Before learning the efficient algorithm, every practitioner should be able to compute Z-arrays by hand. This builds the intuition necessary to understand and debug more complex implementations.

Step-by-Step Manual Process:

Write out the string with indices
For each position i from 1 to n-1:
- Compare S[i], S[i+1], S[i+2], ... with S[0], S[1], S[2], ...
- Count how many characters match consecutively
- This count is Z[i]
The result is your Z-array

Detailed Walkthrough: S = "aabxaabxcaab"

Let's compute this step by step:

Index:  0 1 2 3 4 5 6 7 8 9 10 11
String: a a b x a a b x c a a  b

Position 1: Compare S[1..] with S[0..]

S[1]='a' vs S[0]='a' ✓
S[2]='b' vs S[1]='a' ✗
Z[1] = 1

Position 2: Compare S[2..] with S[0..]

S[2]='b' vs S[0]='a' ✗
Z[2] = 0

Position 3: Compare S[3..] with S[0..]

S[3]='x' vs S[0]='a' ✗
Z[3] = 0

Position 4: Compare S[4..] with S[0..]

S[4]='a' vs S[0]='a' ✓
S[5]='a' vs S[1]='a' ✓
S[6]='b' vs S[2]='b' ✓
S[7]='x' vs S[3]='x' ✓
S[8]='c' vs S[4]='a' ✗
Z[4] = 4

Position 5: Compare S[5..] with S[0..]

S[5]='a' vs S[0]='a' ✓
S[6]='b' vs S[1]='a' ✗
Z[5] = 1

Continue for remaining positions...

Final Z-array: [0, 1, 0, 0, 4, 1, 0, 0, 0, 3, 1, 0]

Naive Complexity Alert

This manual method has O(n²) worst-case complexity. Consider S = "aaaa...a" (n a's): Position 1 requires n-1 comparisons, position 2 requires n-2, and so on. Total: O(n²) comparisons. The efficient Z-algorithm achieves O(n) by cleverly reusing Z-box information.

Z-Array vs Other String Functions

The Z-array is one member of a family of string preprocessing structures. Understanding how it compares to alternatives helps you choose the right tool for each problem.

Comparison of String Preprocessing Structures
Structure	What It Computes	Key Applications	Relation to Z-Array
Z-Array	Prefix matches at each position	Pattern matching, longest common prefix	The subject of this module
Prefix Function (KMP)	Longest proper prefix-suffix at each position	Pattern matching, string periodicity	Can be converted to/from Z-array in O(n)
Suffix Array	Sorted order of all suffixes	Pattern matching, LCP queries, compression	Different perspective; heavier preprocessing
Rolling Hash	Hash values for substrings	Pattern matching, similarity detection	Probabilistic; no structural information

The Z-Array ↔ Prefix Function Equivalence:

A profound result in string algorithmics is that the Z-array and the KMP prefix function contain equivalent information. Given one, you can compute the other in O(n) time:

From Z to Prefix Function:

for i = 1 to n-1:
    if Z[i] > 0:
        for j = Z[i]-1 down to 0:
            if prefix[i+j] > 0: break
            prefix[i+j] = j + 1

From Prefix Function to Z:

for i = 1 to n-1:
    if prefix[i] > 0:
        Z[i - prefix[i] + 1] = prefix[i]

(Note: These conversions require careful handling of overlapping cases, but the fundamental equivalence holds.)

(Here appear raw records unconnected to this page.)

(* For any generalized connection $D$ and compatible $E$-connection $D^{S}$, the operator \begin{equation*} d\!\!\!/ = D\!\!\!\!/^{\,S} + \frac14 \gamma_T \end{equation*} satisfies conditions (i) $[[d\!\!\!/,f],\gamma_e]=\pi(e)(f)$ and (ii) $[[d\!\!\!/,\gamma_{e_1}],\gamma_{e_2}]=\gamma_{[e_1,e_2]}$ for all $f\in C^\infty(M)$, $e,e_1,e_2\in\Gamma(E)$. Here $T \in \Gamma(\wedge^3E^* )\cong \Gamma(\wedge^3E)\subset \Gamma (\mathrm{Cl}(E))$ denotes the torsion of $D$.
   Context: Let $E\to M$ be an oriented Courant algebroid with anchor $\pi:E\to TM$, Dorfman bracket $[\cdot,\cdot]$ and scalar product $\langle\cdot,\cdot\rangle$ of neutral signature, and $S$ a bundle of irreducible $\mathrm{Cl}(E)$-modules (Clifford relation $e^2=\langle e,e\rangle$) with action $a\mapsto\gamma_a$; $[\cdot,\cdot]$ on operators is the super commutator $[A,B]=AB-(-1)^{\deg A\deg B}BA$. A generalized connection is an $\mathbb R$-linear $D:\Gamma(E)\to\Gamma(E^*\otimes E)$ with $D_e(fv)=\pi(e)(f)v+fD_ev$, compatible with $\langle\cdot,\cdot\rangle$; its torsion $T(u,v)=D_uv-D_vu-[u,v]+(Du)^*v$ is a 3-form $T(u,v,w)=\langle T(u,v),w\rangle$, identified with an element of $\wedge^3E\subset\mathrm{Cl}(E)$ via $E\cong E^*$. An $E$-connection $D^S$ on $S$ is compatible with $D$ if $D^S_e(as)=(D_ea)s+aD^S_es$. The Dirac operator is $D\!\!\!\!/^{\,S}=\frac12\sum_{i}\tilde e_iD^S_{e_i}$, with $(e_i)$ a local frame of $E$ and $(\tilde e_i)$ the metrically dual frame, $\langle e_i,\tilde e_j\rangle=\delta_{ij}$. *)

(* Algebraic (Serre-Swan style) model of the data:
   A  = ring of smooth functions C^oo(M) (a commutative R-algebra, R = reals),
   E  = Gamma(E), S = Gamma(S) as A-modules. *)
From HB Require Import structures.
From mathcomp Require Import all_boot all_order all_algebra.
From mathcomp Require Import reals.
Set Implicit Arguments. Unset Strict Implicit. Unset Printing Implicit Defensive.
Import Order.TTheory GRing.Theory Num.Theory.
Local Open Scope ring_scope.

This equivalence means that any problem solvable with the Z-array is also solvable with the prefix function, and vice versa. The choice often comes down to which is more intuitive for a given problem.

Practical Guidance

Many practitioners find the Z-array more intuitive than the prefix function because Z[i] directly answers 'how much matches starting here?' In contrast, the prefix function answers 'what is the longest proper prefix that is also a suffix?'—a more indirect question. However, both are worth mastering as different problems naturally suit different perspectives.

Visualizing the Z-Array

A powerful way to understand the Z-array is through visualization. Let's see how Z-values manifest as "match bars" extending from each position.

Visual Representation for S = "aabcaab":

Index:     0   1   2   3   4   5   6
String:    a   a   b   c   a   a   b
           ─────────────────────────────
Z[0]:      -   (not computed / convention)
Z[1]:      │   •   (length 1: matches 'a')
Z[2]:          -   (length 0: 'b' ≠ 'a')
Z[3]:              -   (length 0: 'c' ≠ 'a')
Z[4]:                  •───•───•  (length 3: matches 'aab')
Z[5]:                      •   (length 1: matches 'a')
Z[6]:                          -   (length 0: 'b' ≠ 'a')

Each "•" represents a matching character, and the "───" shows the extent of the match. The Z-box for position 4 spans indices [4, 5, 6].

Overlay Perspective:

Another way to visualize: imagine sliding a copy of the string starting at each position and counting matching characters:

Original:   a a b c a a b
                         
Slide to 1:   a a b c a a b
              ↓
              a ✓  (1 match)
                a ✗  

Slide to 4:         a a b c a a b
                    ↓ ↓ ↓
              a a b ✓ ✓ ✓  (3 matches)
                    c ✗ (position 7 would mismatch)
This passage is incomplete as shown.